Снег заскрипел интенсивнее. Потихоньку-полегоньку ход восстановился. Ну, практически. Шаг, еще шаг, шире, еще шире, да что там, ширее, просто-напросто. Или ширше, черт знает, как тут правильно. Вдох-выдох, через снова натянутую на морду шерсть шарфа облачка пара туда-сюда, туда-сюда, и лишь бы не заболеть. Бронхита или воспаления легких как-то совсем не хочется. Хотя Жива и обещала отсутствие болезней надолго. Вот как только в такое поверить?
Морхольд брел вперед, сверившись со стрелкой. Стрелка уверяла, что направление выбрано верно. Хоть что-то складывалось позитивно. Хотя бы что-то.
Ветер взвыл как-то по-иному. Резче, что ли? Ну, точно, так и есть, приплыли, елы-палы. По очкам хлестнуло пригоршней острых крохотных кусочков льда, смешанного с едва заметно переливающимися кристалликами снега. Не хватало снова этой напасти. Жуть, до этого сидевшая смирно, дернула лапкой.
Морхольд погладил ее прямо через куртку. Ящерка, как могла, приносила пользу. Грелась сама и одновременно подогревала его. Видно, перышки помогали, с чего бы ящерице быть теплой? Но там, где она прижималась к куртке «вудленда», он потел сильнее.
— Лапушка просто, как есть лапушка…
Морхольд ласково поцокал языком. Холодало, все заметнее.

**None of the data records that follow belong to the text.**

Lemma slice_integral_lipschitz_of d : box_integral_stable d ->
  forall T L f, 0 <= T -> 0 <= L -> box_lipschitz (S d) T L f ->
  forall t s, Rabs (slice_integral d T f t - slice_integral d T f s)
              <= ((2 * T) ^ d * L) * Rabs (t - s).
Proof.
  intros Hstab T L f HT HL Hf t s.
  eapply Rle_trans.
  - apply (Hstab T L); auto; try (apply box_lipschitz_slice; auto; apply clamp_bound; auto).
    intros y Hy. apply box_lipschitz_last with (T := T) (L := L); auto; apply clamp_bound; auto.
  - rewrite Rmult_assoc. apply Rmult_le_compat_l; [apply pow_le; lra|].
    apply Rmult_le_compat_l; auto. now apply clamp_lipschitz.
Qed.

Lemma box_integral_stable_all d : box_integral_stable d.
Proof.
  induction d; intros T L eta f g HT HL Hf Hg Hs.
  - simpl. rewrite Rmult_1_l. apply Hs. intros i Hi; lia.
  - rewrite !box_integral_S.
    pose proof (slice_integral_lipschitz_of d IHd T L f HT HL Hf) as Gf.
    pose proof (slice_integral_lipschitz_of d IHd T L g HT HL Hg) as Gg.
    assert (Ef := lipschitz_ex_RInt _ _ (-T) T Gf).
    assert (Eg := lipschitz_ex_RInt _ _ (-T) T Gg).
    pose proof (RInt_minus _ _ _ _ Ef Eg) as E. unfold minus, plus, opp in E; simpl in E.
    unfold Rminus at 1. rewrite <- E.
    eapply Rle_trans; [apply abs_RInt_le_const with (M := (2 * T) ^ d * eta)|]; [lra| | |].
    + exact (ex_RInt_minus (V:=R_NormedModule) _ _ _ _ Ef Eg).
    + intros t _. apply (IHd T L); auto; try (apply box_lipschitz_slice; auto; apply clamp_bound; auto).
      intros y Hy. apply Hs. apply set_coord_in_box; auto. apply clamp_bound; auto.
    + simpl. right; ring.
Qed.
Lemma iter_addb c b : iter c (addb b) false = odd c && b.
Proof. by elim: c => //= c ->; case: b; case: (odd c). Qed.

Lemma anf_weight n (h : boolfun n) (V : nat -> bool) :
  (forall x, h x = V #|supp x|) ->
  forall S, anf h S = xsum #|S|.+1 (fun w => oddC #|S| w && V w).
Proof.
move=> hV S; rewrite /anf /xsum big_mkord.
have wt_lt x : supp x \subset S -> #|supp x| < #|S|.+1 by rewrite ltnS; apply: subset_leq_card.
rewrite (partition_big (fun x : bvec n => (inord #|supp x| : 'I_#|S|.+1)) predT) //=.
apply: eq_bigr => w _.
rewrite (eq_bigr (fun _ => V w)); last first.
  by move=> x /andP [x_S /eqP <-]; rewrite hV inordK // wt_lt.
rewrite big_const iter_addb -(card_supp_draws S w); congr (odd _ && _).
apply: eq_card => x; rewrite [in RHS]inE -[in LHS]topredE /=.
case x_S: (supp x \subset S) => //=; apply/eqP/eqP => [<- | wt_x].
  by rewrite inordK // wt_lt.
by apply: val_inj; rewrite /= inordK // wt_lt.
Qed.

Lemma deg_le n (h : boolfun n) d : (forall S, anf h S -> #|S| <= d) -> deg h <= d.
Proof. by move=> anf_small; apply/bigmax_leqP. Qed.

Lemma deg_ge n (h : boolfun n) S : anf h S -> #|S| <= deg h.
Proof. by move=> anf_S; apply: (@leq_bigmax_cond _ _ (fun S : {set 'I_n} => #|S|)). Qed.

Lemma deg_bzero n : deg (bzero n) = 0.
Proof.
apply/eqP; rewrite -leqn0; apply: deg_le => S.
by rewrite /anf big1 // => x _; rewrite ffunE.
Qed.

(* If f is constant on the support of g, then g f is 0 or g. *)
Lemma deg_bmul_const n (g f : boolfun n) c :
  (forall x, g x -> f x = c) -> deg (bmul g f) <= deg g.
Proof.
move=> f_const; case: c f_const => f_const.
  have -> // : bmul g f = g.
  by apply/ffunP => x; rewrite ffunE; case g_x: (g x) => //=; rewrite f_const.
have -> : bmul g f = bzero n.
  by apply/ffunP => x; rewrite !ffunE; case g_x: (g x) => //=; rewrite f_const.
by rewrite deg_bzero.
Qed.

Lemma exists_set_card n j : j <= n -> exists S : {set 'I_n}, #|S| = j.
Proof.
move=> le_jn; have : 0 < #|[set A : {set 'I_n} | #|A| == j]|.
  by rewrite card_draws card_ord bin_gt0.
by case/card_gt0P => S; rewrite inE => /eqP; exists S.
Qed.

(* minn is associative and commutative, so bigD1 applies to the minimum in FAI. *)
HB.instance Definition _ := SemiGroup.isComLaw.Build nat minn minnA minnC.

(* Any g of positive degree witnesses an upper bound for the fast algebraic
   immunity: either deg g < AI f and g enters the minimum, or 2 AI f <= 2 deg g. *)
Lemma FAI_le n (f g : boolfun n) B :
  1 <= deg g -> 2 * deg g <= B -> deg g + deg (bmul g f) <= B -> FAI f <= B.
Proof.
move=> deg_pos le2_B le_B; rewrite /FAI; case: (ltnP (deg g) (AI f)) => lt_AI.
  by rewrite geq_min (bigD1 g) ?deg_pos //= geq_min le_B orbT.
by rewrite geq_min (leq_trans _ le2_B) // leq_mul2l lt_AI orbT.
Qed.

Definition mod_indicator n P r : boolfun n := [ffun x => #|supp x| %% P == r].

(* For P = 2^a the degree is below P: a row k >= 2^a of Pascal's triangle is
   summed against a 2^a-periodic sequence, whose finite difference vanishes. *)
Lemma deg_mod_indicator_pow2 n a r : deg (mod_indicator n (2 ^ a) r) <= 2 ^ a - 1.
Proof.
apply: deg_le => S; rewrite (@anf_weight _ _ (fun w => w %% 2 ^ a == r)); last first.
  by move=> x; rewrite ffunE.
case: (ltnP #|S| (2 ^ a)) => [lt_S _ | le_S]; first by lia.
rewrite -(subnK le_S) xsum_bin_pow2 ?subnK //.
by rewrite /xsum big1 // => u _; rewrite modnDr addbb andbF.
Qed.

(* The coefficient of a monomial of size r < P is 1, so the degree is at least r. *)
Lemma deg_mod_indicator_ge n P r : r < P -> r <= n -> r <= deg (mod_indicator n P r).
Proof.
move=> lt_rP le_rn; have [S card_S] := exists_set_card le_rn.
rewrite -{1}card_S; apply: deg_ge.
rewrite (@anf_weight _ _ (fun w => w %% P == r)); last by move=> x; rewrite ffunE.
rewrite card_S /xsum big_nat_recr //= binn modn_small // eqxx addbT.
rewrite big1_seq // => w; rewrite mem_index_iota => /andP [_ lt_wr].
by rewrite modn_small ?(ltn_eqF lt_wr) ?andbF //; lia.
Qed.

(* x |-> C(|x|, j) V(|x|) mod 2.  For V = 1 this is the elementary symmetric
   function sigma_j, and sigma_j f = weighted n j V when f x = V |x|. *)
Definition weighted n j (V : nat -> bool) : boolfun n :=
  [ffun x => oddC #|supp x| j && V #|supp x|].
Lemma Qtriconnected_contraction (Q : {set V}) :
  w \notin Q -> Qtriconnected H Q -> Qtriconnected H' Q.
Proof.
move=> wQ [HQ Ht]; have notw z : z \in Q -> z != w by apply: contraTneq => ->.
split.
  by apply/subsetP => z Hz; rewrite /H' /= in_setD1 notw ?(subsetP HQ _ Hz).
move=> u v Hu Hv uv; have uw := notw u Hu; have vw := notw v Hv.
apply: (triconnected_transfer (m := contract_path w e f) _ _ (Ht u v Hu Hv uv)).
  by move=> p; apply: is_path_contract_path.
move=> p q Pp Pq npq D; split; first exact: contract_path_neq uw vw Pp Pq npq D.
by move=> z /inner_contract_path Hz; apply: contraNN (D z Hz) => /inner_contract_path.
Qed.

Lemma is_path_from_w v p : v != w -> is_path H w v p ->
  exists2 s, s \in [:: (e, x); (f, y)] & exists p', p = s :: p'.
Proof.
case: p => [|[g z] p] vw /and4P[/= W _ _ /eqP L]; first by rewrite -L eqxx in vw.
exists (g, z); last by exists p.
by case/andP: W => /joins_at_w[[-> ->]|[-> ->]]; rewrite !inE eqxx ?orbT.
Qed.

Lemma not_triconnected_at_w v : v != w -> ~ triconnected H w v.
Proof.
have [[_ _ _ xw yw] _] := Hw.
move=> vw [p1 [p2 [p3 [[P1 P2 P3] [[N12 N13 N23] [D12 D13 D23]]]]]].
have [s1 S1 [q1 E1]] := is_path_from_w vw P1.
have [s2 S2 [q2 E2]] := is_path_from_w vw P2.
have [s3 S3 [q3 E3]] := is_path_from_w vw P3.
subst p1 p2 p3.
have same s p q : s \in [:: (e, x); (f, y)] -> is_path H w v (s :: p) ->
    is_path H w v (s :: q) -> int_disjoint w v (s :: p) (s :: q) -> s :: p = s :: q.
  case: s => g z Hs Pp Pq D; congr cons; apply: int_disjoint_same_step Pp Pq D _.
  by move: Hs; rewrite !inE => /orP[]/eqP[_ ->].
have : [|| s1 == s2, s1 == s3 | s2 == s3].
  by move: S1 S2 S3; rewrite !inE => /orP[]/eqP-> /orP[]/eqP-> /orP[]/eqP->; rewrite ?eqxx ?orbT.
case/or3P=> /eqP Es; subst.
- by move: N12; rewrite (same _ _ _ S1 P1 P2 D12) eqxx.
- by move: N13; rewrite (same _ _ _ S1 P1 P3 D13) eqxx.
- by move: N23; rewrite (same _ _ _ S2 P2 P3 D23) eqxx.
Qed.

Lemma Qtriconnected_del_w (Q : {set V}) : x = y -> w \notin Q ->
  Qtriconnected H Q -> Qtriconnected (del_vertex H w) Q.
Proof.
move=> xy wQ [HQ Ht]; have notw z : z \in Q -> z != w by apply: contraTneq => ->.
split; first by apply/subsetP => z Hz; rewrite /= in_setD1 notw // (subsetP HQ).
move=> u v Hu Hv uv; have uw := notw u Hu.
apply: (triconnected_transfer (m := id) _ _ (Ht u v Hu Hv uv)) => // p P.
have wp : w \notin u :: map snd p.
  move: (P) => /and4P[W U _ /eqP L]; rewrite inE negb_or eq_sym uw /=.
  apply/negP => /(contract_path_through_w W U uw); rewrite L notw // => /(_ isT)[].
  by rewrite xy eqxx.
apply: (is_path_mono _ _ P) => [g b c Hb Hc J|z Hz].
  rewrite joins_del_vertex J /=.
  by case: (joins_endpoints J) => [[-> ->]|[-> ->]];
    apply/andP; split; apply: contraNneq wp => <-.
move: P => /and4P[_ _ /allP A _]; rewrite /= in_setD1 A // andbT.
by apply: contraNneq wp => <-.
Qed.
Lemma convex_pow (a b l : R) (n : nat) :
  0 <= a -> 0 <= b -> 0 <= l <= 1 ->
  (l * a + (1 - l) * b) ^ n <= l * a ^ n + (1 - l) * b ^ n.
Proof.
  intros Ha Hb Hl. induction n as [|n IH]; [simpl; lra|].
  change ((l * a + (1 - l) * b) * (l * a + (1 - l) * b) ^ n <=
          l * (a * a ^ n) + (1 - l) * (b * b ^ n)).
  assert (Hmid : 0 <= l * a + (1 - l) * b) by nra.
  assert (Hstep : (l * a + (1 - l) * b) * (l * a + (1 - l) * b) ^ n <=
                  (l * a + (1 - l) * b) * (l * a ^ n + (1 - l) * b ^ n))
    by (apply Rmult_le_compat_l; assumption).
  (* a - b and a^n - b^n have the same sign *)
  assert (Hsign : 0 <= (a - b) * (a ^ n - b ^ n)).
  { destruct (Rle_lt_dec a b).
    - assert (a ^ n <= b ^ n) by (apply pow_incr; lra). nra.
    - assert (b ^ n <= a ^ n) by (apply pow_incr; lra). nra. }
  assert (0 <= l * (1 - l)) by nra.
  assert (0 <= (l * (1 - l)) * ((a - b) * (a ^ n - b ^ n))) by (apply Rmult_le_pos; assumption).
  nra.
Qed.

Lemma minkowski2 (n : nat) (a1 a2 b1 b2 A B : R) :
  (0 < n)%nat -> 0 <= a1 -> 0 <= a2 -> 0 <= b1 -> 0 <= b2 -> 0 <= A -> 0 <= B ->
  a1 ^ n + a2 ^ n <= A ^ n -> b1 ^ n + b2 ^ n <= B ^ n ->
  (a1 + b1) ^ n + (a2 + b2) ^ n <= (A + B) ^ n.
Proof.
  intros Hn Ha1 Ha2 Hb1 Hb2 HA HB Ea Eb.
  assert (0 <= a1 ^ n) by (apply pow_le; lra). assert (0 <= a2 ^ n) by (apply pow_le; lra).
  assert (0 <= b1 ^ n) by (apply pow_le; lra). assert (0 <= b2 ^ n) by (apply pow_le; lra).
  (* a vector with vanishing bound is zero *)
  destruct (Req_dec A 0) as [A0|A0].
  { assert (a1 <= A) by (apply (pow_le_reg _ _ n Hn); lra).
    assert (a2 <= A) by (apply (pow_le_reg _ _ n Hn); lra).
    replace a1 with 0 by lra. replace a2 with 0 by lra. rewrite A0, !Rplus_0_l. exact Eb. }
  destruct (Req_dec B 0) as [B0|B0].
  { assert (b1 <= B) by (apply (pow_le_reg _ _ n Hn); lra).
    assert (b2 <= B) by (apply (pow_le_reg _ _ n Hn); lra).
    replace b1 with 0 by lra. replace b2 with 0 by lra. rewrite B0, !Rplus_0_r. exact Ea. }
  (* (a + b) / (A + B) is the convex combination of a / A and b / B with weight l *)
  set (l := A / (A + B)).
  assert (Hl : 0 <= l <= 1).
  { unfold l; split; [apply Rdiv_le_0_compat; lra|].
    apply Rmult_le_reg_r with (A + B); [lra|]. field_simplify; lra. }
  assert (HAn : 0 < A ^ n) by (apply pow_lt; lra).
  assert (HBn : 0 < B ^ n) by (apply pow_lt; lra).
  assert (HSn : 0 < (A + B) ^ n) by (apply pow_lt; lra).
  assert (Hcomb : forall a b, l * (a / A) + (1 - l) * (b / B) = (a + b) / (A + B))
    by (intros; unfold l; field; lra).
  assert (C1 := convex_pow (a1 / A) (b1 / B) l n
    ltac:(apply Rdiv_le_0_compat; lra) ltac:(apply Rdiv_le_0_compat; lra) Hl).
  assert (C2 := convex_pow (a2 / A) (b2 / B) l n
    ltac:(apply Rdiv_le_0_compat; lra) ltac:(apply Rdiv_le_0_compat; lra) Hl).
  rewrite Hcomb in C1, C2.
  unfold Rdiv in C1, C2. rewrite !Rpow_mult_distr, !pow_inv in C1, C2.
  assert (Ua : (a1 ^ n + a2 ^ n) * / A ^ n <= 1)
    by (apply Rmult_le_reg_r with (A ^ n); [lra|]; field_simplify; lra).
  assert (Ub : (b1 ^ n + b2 ^ n) * / B ^ n <= 1)
    by (apply Rmult_le_reg_r with (B ^ n); [lra|]; field_simplify; lra).
  assert (Hsum : ((a1 + b1) ^ n + (a2 + b2) ^ n) * / (A + B) ^ n <= 1).
  { assert (l * ((a1 ^ n + a2 ^ n) * / A ^ n) <= l)
      by (rewrite <- (Rmult_1_r l) at 2; apply Rmult_le_compat_l; lra).
    assert ((1 - l) * ((b1 ^ n + b2 ^ n) * / B ^ n) <= 1 - l)
      by (rewrite <- (Rmult_1_r (1 - l)) at 2; apply Rmult_le_compat_l; lra).
    lra. }
  apply Rmult_le_reg_r with (/ (A + B) ^ n).
  - apply Rinv_0_lt_compat; lra.
  - rewrite Rinv_r by lra. exact Hsum.
Qed.
(* Fix $k\ge3$, $c>0$ and $\zeta\in(0,1]$ with $\zeta(k-1)c^{k-1}<e$. Let $F=F^{(k)}_{c,\zeta}$. Then for all bounded measurable $f,g:[0,1]\to\mathbb R_{>0}$, $$\|\log F^2(f)-\log F^2(g)\|_\infty\le(1-\delta)\|\log f-\log g\|_\infty,\qquad\delta=1-\zeta c^{k-1}(k-1)e^{-1}.$$
   Context: $\alpha_k=\frac12\sum_{i=1}^k\min\left(\frac1{i-1},\frac1{k-i}\right)$ (with $1/0=+\infty$). For $\ell\in\{1,\dots,k\}$, $I_\ell=\{-\ell+1,\dots,k-\ell\}\setminus\{0\}$ and $w(t,\ell)=\min\{\frac t{\ell-1},\frac{1-t}{k-\ell}\}$ (quotients by $0$ are $+\infty$). The operator $F^{(k)}_{c,\zeta}$ on bounded measurable $f:[0,1]\to\mathbb R_{>0}$ is $F^{(k)}_{c,\zeta}f(t)=c\exp\left[-\frac{\zeta}{\alpha_k}\sum_{\ell=1}^k\int_0^{w(t,\ell)}\prod_{i\in I_\ell}f(t+is)\,ds\right]$. $F^2=F\circ F$; $\|\cdot\|_\infty$ is the supremum norm. *)

From HB Require Import structures.
From mathcomp Require Import all_boot all_order all_algebra.
From mathcomp Require Import all_classical all_reals all_analysis.
Set Implicit Arguments. Unset Strict Implicit. Unset Printing Implicit Defensive.
Import Order.TTheory GRing.Theory Num.Theory.
Import numFieldNormedType.Exports.
Local Open Scope classical_set_scope.
Local Open Scope ring_scope.

Section Defs.
Variable R : realType.

Definition qinf (x y : R) : \bar R := if y == 0 then +oo%E else (x / y)%:E.

Definition alpha (k : nat) : R :=
  2^-1 * \sum_(1 <= i < k.+1)
     fine (Order.min (qinf 1 (i - 1)%:R) (qinf 1 (k - i)%:R)).

Definition wfun (k : nat) (t : R) (l : nat) : R :=
  fine (Order.min (qinf t (l - 1)%:R) (qinf (1 - t) (k - l)%:R)).

(* prod_{i in I_l} f(t + i s), with I_l = {-l+1,...,k-l} \ {0},
   indexed as i = j - (l-1) for j = 0..k-1, j <> l-1 *)
Definition prodI (k l : nat) (f : R -> R) (t s : R) : R :=
  \prod_(0 <= j < k | j != (l - 1)%N)
     f (t + ((j%:Z - (l - 1)%:Z)%:~R) * s).

Definition Fop (k : nat) (c zeta : R) (f : R -> R) : R -> R :=
  fun t => c * expR (- (zeta / alpha k) *
     \sum_(1 <= l < k.+1)
        Rintegral lebesgue_measure `[0, wfun k t l] (fun s => prodI k l f t s)).

Definition supnorm (h : R -> R) : \bar R :=
  ereal_sup ((fun x => (`|h x|)%:E) @` `[0, 1]).

End Defs.
(* Let $k\ge 1$, $0\le r<k$ and $n\ge 1$ be integers, and let $$A_n(k,r,x)=\left(\binom{i-k+1+r}{j}x^k+\binom{i+1+r}{j+1}\right)_{i,j=0}^{n-1}.$$ Then $x^r\det A_n(k,r,x)=F^{(k)}_{kn+r}(x)$.
   Context: Binomial coefficients are the generalized ones: for an integer $m$ (possibly negative) and an integer $j$, $\binom{m}{j}=\frac{m(m-1)\cdots(m-j+1)}{j!}$ if $j\ge 0$ and $\binom{m}{j}=0$ if $j<0$. For an integer $k\ge1$, the generalized Fibonacci polynomials $F^{(k)}_n(x)\in\mathbb{Z}[x]$ ($n\ge0$) are defined by $F^{(k)}_n(x)=x^n$ for $0\le n<k$ and $F^{(k)}_n(x)=xF^{(k)}_{n-1}(x)+F^{(k)}_{n-k}(x)$ for $n\ge k$; equivalently $F^{(k)}_n(x)=\sum_{j=0}^{\lfloor n/k\rfloor}\binom{n-(k-1)j}{j}x^{n-kj}$. *)

From HB Require Import structures.
From mathcomp Require Import all_boot all_order all_algebra.
Set Implicit Arguments. Unset Strict Implicit. Unset Printing Implicit Defensive.
Import Order.TTheory GRing.Theory Num.Theory.
Local Open Scope ring_scope.

(* Generalized binomial coefficient binom(m, j) for m : int, j : int:
   m(m-1)...(m-j+1)/j! if j >= 0, and 0 if j < 0.  The division is exact. *)
Definition gbin (m j : int) : int :=
  match j with
  | Posz j' => ((\prod_(l < j') (m - (l : nat)%:Z)) %/ (j'`!)%:Z)%Z
  | Negz _ => 0
  end.

(* F^{(k)}_n(x): x^n for n < k, x F_{n-1} + F_{n-k} for n >= k.
   Defined with fuel; fibF k n.+1 n is enough fuel when k >= 1. *)
Fixpoint fibF (k fuel n : nat) : {poly int} :=
  match fuel with
  | 0 => 0
  | fuel'.+1 =>
      if (n < k)%N then 'X^n
      else 'X * fibF k fuel' (n - 1)%N + fibF k fuel' (n - k)%N
  end.

Definition Fib (k n : nat) : {poly int} := fibF k n.+1 n.

Definition Amat (k r n : nat) : 'M[{poly int}]_n :=
  \matrix_(i < n, j < n)
    ((gbin (i%:Z - k%:Z + 1 + r%:Z) j)%:P * 'X^k
     + (gbin (i%:Z + 1 + r%:Z) (j%:Z + 1))%:P).

(* Read row i of A_n(k, r, x) as the coefficient list of a power series in a
   new variable X: it is x^k (1 + X)^(i-k+1+r) + ((1 + X)^(i+1+r) - 1) / X, so X
   times it equals (1 + X)^i e - 1 with e = (1 + X)^(r+1-k) (x^k X + (1 + X)^k).
   Multiplying A_n on the right by the Toeplitz matrix of e^-1 and on the left
   by the binomial-inversion matrix, both unitriangular, turns it into a
   companion matrix of determinant (-1)^n [X^n] e^-1.  On the other hand the
   recurrence of F^(k) gives (\sum_m (-1)^m F^(k)_(km+r) X^m) e = x^r, hence
   x^r [X^n] e^-1 = (-1)^n F^(k)_(kn+r).  All series are truncated at X^(n+1). *)

From HB Require Import structures.
From mathcomp Require Import all_boot all_order all_algebra.
From mathcomp Require Import zify ring.
From Corelib Require Import Setoid.
Import GRing.Theory.
Local Open Scope ring_scope.

Definition ffactz (m : int) (j : nat) : int := \prod_(l < j) (m - l%:Z).

Lemma ffactzS (m : int) (j : nat) :
  ffactz (m + 1) j.+1 = ffactz m j.+1 + j.+1%:Z * ffactz m j.
Proof.
rewrite /ffactz big_ord_recl big_ord_recr /=.
under eq_bigr => i _ do rewrite /bump /= add1n -addn1 PoszD opprD addrACA subrr addr0.
rewrite subr0 -[in RHS](addn1 j) PoszD; ring.
Qed.

Lemma dvdz_fact_ffactz (m : int) (j : nat) : (j`!%:Z %| ffactz m j)%Z.
Proof.
elim: j m => [|j IHj] m; first by rewrite /ffactz big_ord0 dvdzz.
have dvd_last m' : (j.+1`!%:Z %| j.+1%:Z * ffactz m' j)%Z.
  by rewrite factS PoszM dvdz_mul.
have dvd0 : (j.+1`!%:Z %| ffactz 0 j.+1)%Z.
  by rewrite /ffactz big_ord_recl /= subr0 mul0r dvdz0.
elim/int_rec: m => [//|a IHa|a IHa].
  by rewrite -addn1 PoszD ffactzS rpredD.
have -> : ffactz (- a.+1%:Z) j.+1
    = ffactz (- a.+1%:Z + 1) j.+1 - j.+1%:Z * ffactz (- a.+1%:Z) j.
  by rewrite ffactzS addrK.
by rewrite -addn1 PoszD opprD addrNK rpredB.
Qed.

Lemma gbinE (m : int) (j : nat) : gbin m j = (ffactz m j %/ j`!%:Z)%Z.
Proof. by []. Qed.

Lemma gbinz0 (m : int) : gbin m 0 = 1.
Proof. by rewrite gbinE /ffactz big_ord0 divz1. Qed.

Lemma gbin0S (j : nat) : gbin 0 j.+1 = 0.
Proof. by rewrite gbinE /ffactz big_ord_recl /= subr0 mul0r div0z. Qed.

Lemma gbinS (m : int) (j : nat) : gbin (m + 1) j.+1 = gbin m j.+1 + gbin m j.
Proof.
rewrite !gbinE ffactzS divzDl ?dvdz_fact_ffactz //.
by rewrite factS PoszM divzMpl.
Qed.

Section EqModX.
Context {R : comNzRingType} {N : nat}.

Definition eqmodX (p q : {poly R}) := forall j, (j < N)%N -> p`_j = q`_j.

#[global] Instance eqmodX_equiv : Equivalence eqmodX.
Proof.
split=> [p j|p q pq j jN|p q s pq qs j jN] //; first by rewrite pq.
by rewrite pq ?qs.
Qed.

Lemma eqmodXD (p q p' q' : {poly R}) :
  eqmodX p q -> eqmodX p' q' -> eqmodX (p + p') (q + q').
Proof. by move=> pq pq' j jN; rewrite !coefD pq ?pq'. Qed.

— Не останавливаться, боец, вперед!
Надо же… он присвистнул. Начал разговаривать сам с собой. Так недалеко и до появления невидимого соседа. Интересно, почему такое случилось? Вроде бы частенько доводилось шляться одному, но не до такой степени.
Ветер взвыл. Хрусть-хрусть — под лыжами равномерно затрещал снова появляющийся наст. А, вот оно где собака порылась. Врачом быть не надо, чтобы понять — усталость, дружище, и более ничего. Обычная усталость, что лечится простым способом: едой и сном. А пожрать он смог только сразу по приземлении. И совершенно забыл про сухарь, превратившийся в кармане в крошки, намокшие и пропахшие потом.
Ну, а сон? До сна ему долго. Если только Морхольд не захочет вместо Деда Мороза, приехавшего к семье на Новый год, стать самым обычным замерзшим снеговиком. Таким, заснувшим навсегда степным сидящим снеговиком. И без какой-либо морковки вместо носа.
— Твою мать!
Морхольд остановился, опершись дрогнувшими руками на рогатину. Так не пойдет. Совсем не пойдет.